### Dataset entries ###
(* Let $\sigma$ be a $C_0$-nice measure on $\mathbb{C}$ with $0\notin\operatorname{supp}(\sigma)$, let $z\notin\operatorname{supp}(\sigma)$ and set $d_0=\operatorname{dist}(\{0,z\},\operatorname{supp}(\sigma))$. Then $$\int_{\mathbb{C}}\Big|\frac{1}{z-\xi}+\frac1\xi\Big|\,d\sigma(\xi)\le\frac{C(C_0)|z|}{d_0},$$ where $C(C_0)$ depends only on $C_0$.
   Context: $\sigma$ is a positive Borel measure; it is $C_0$-nice if $\sigma(B(w,r))\le C_0r$ for every open disc $B(w,r)$. *)

From HB Require Import structures.
From mathcomp Require Import all_boot all_order all_algebra.
From mathcomp Require Import all_classical all_reals all_analysis.
From mathcomp Require Import complex.

Set Implicit Arguments.
Unset Strict Implicit.
Unset Printing Implicit Defensive.

Import Order.TTheory GRing.Theory Num.Theory.
Local Open Scope classical_set_scope.
Local Open Scope ring_scope.

(* The complex plane is modelled, as a measurable space, by R * R with the
   product sigma-algebra (which is the Borel sigma-algebra of R^2 = C). *)
Definition toC {R : realType} (p : (R * R)%type) : R[i] := Complex p.1 p.2.

Definition cabs {R : realType} (p : (R * R)%type) : R := Normc.normc (toC p).

Definition disc {R : realType} (w : (R * R)%type) (r : R) : set (R * R)%type :=
  [set xi | Normc.normc (toC xi - toC w) < r].

Definition nice {R : realType} (C0 : R)
  (sigma : {measure set (R * R)%type -> \bar R}) : Prop :=
  forall (w : (R * R)%type) (r : R), 0 < r -> (sigma (disc w r) <= (C0 * r)%:E)%E.

(* Support of sigma: points all of whose open disc neighbourhoods have
   positive measure (complement of the largest open null set). *)
Definition supp {R : realType}
  (sigma : {measure set (R * R)%type -> \bar R}) : set (R * R)%type :=
  [set w | forall r : R, 0 < r -> (0 < sigma (disc w r))%E].

(* dist({0, z}, S) = inf_{xi in S} min(|xi - 0|, |xi - z|), in \bar R
   (it is +oo when S is empty). *)
Definition dist0z {R : realType} (z : (R * R)%type) (S : set (R * R)%type) : \bar R :=
  ereal_inf [set (Num.min (Normc.normc (toC xi)) (Normc.normc (toC xi - toC z)))%:E
            | xi in S].

From mathcomp Require Import all_boot all_order all_algebra.
From mathcomp Require Import all_classical all_reals all_analysis.
From mathcomp Require Import complex.
From mathcomp Require Import measurable_realfun.
From mathcomp.algebra_tactics Require Import ring lra.
Import Order.TTheory GRing.Theory Num.Theory HBNNSimple.
Local Open Scope classical_set_scope.
Local Open Scope ring_scope.
Set Implicit Arguments.
Unset Strict Implicit.

(* Since |1/(z - xi) + 1/xi| = |z| / (|z - xi| |xi|), on the dyadic shell
   where m = min(|xi|, |xi - z|) lies in [2^j d0, 2^(j+1) d0) the integrand is
   at most |z| / (4^j d0^2), and that shell lies in the union of the discs of
   radius 2^(j+1) d0 around 0 and z, of sigma-measure at most 2^(j+2) C0 d0.
   Summing over j gives a geometric series of total 8 C0 |z| / d0.  Every
   point of supp sigma lies on some shell, and the complement of the support
   is sigma-null, being covered by countably many null discs with rational
   centres. *)

Section ge0_le_integral_negligible.
Local Open Scope ereal_scope.
Context d (T : measurableType d) (R : realType).
Variable mu : {measure set T -> \bar R}.

(* Unlike [ae_ge0_le_integral], [f] need not be measurable. *)
Lemma ge0_le_integral_negligible (N : set T) (f g : T -> \bar R) :
  mu.-negligible N -> (forall x, 0 <= f x) -> (forall x, 0 <= g x) ->
  measurable_fun [set: T] g -> (forall x, ~ N x -> f x <= g x) ->
  \int[mu]_x f x <= \int[mu]_x g x.
Proof.
move=> negN f0 g0 mg fg; rewrite ge0_integralTE //.
apply: ge_ereal_sup => _ [h /= hf <-]; rewrite -integralT_nnsfun.
apply: ae_ge0_le_integral => //.
- by move=> x _; rewrite lee_fin.
- exact/measurable_EFinP.
- apply: negligibleS negN => x /= hx; apply: contrapT => Nx; apply: hx => _.
  exact: le_trans (hf x) (fg x Nx).
Qed.

End ge0_le_integral_negligible.

Section disc.
Variable R : realType.
Implicit Types (w xi p : (R * R)%type) (r s : R).

Lemma normc_ge0 (x : R[i]) : 0 <= Normc.normc x.
Proof. by case: x => a b; exact: sqrtr_ge0. Qed.

Lemma normc_subC w xi :
  Normc.normc (toC w - toC xi) = Normc.normc (toC xi - toC w).
Proof. by rewrite -normcN opprB. Qed.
###
= How to complete this task =
Please go through the listing and return each line that has "rewrite" in it.

= Result of the task =
move=> negN f0 g0 mg fg; rewrite ge0_integralTE //.
apply: ge_ereal_sup => _ [h /= hf <-]; rewrite -integralT_nnsfun.
- by move=> x _; rewrite lee_fin.
Proof. by rewrite -normcN opprB. Qed.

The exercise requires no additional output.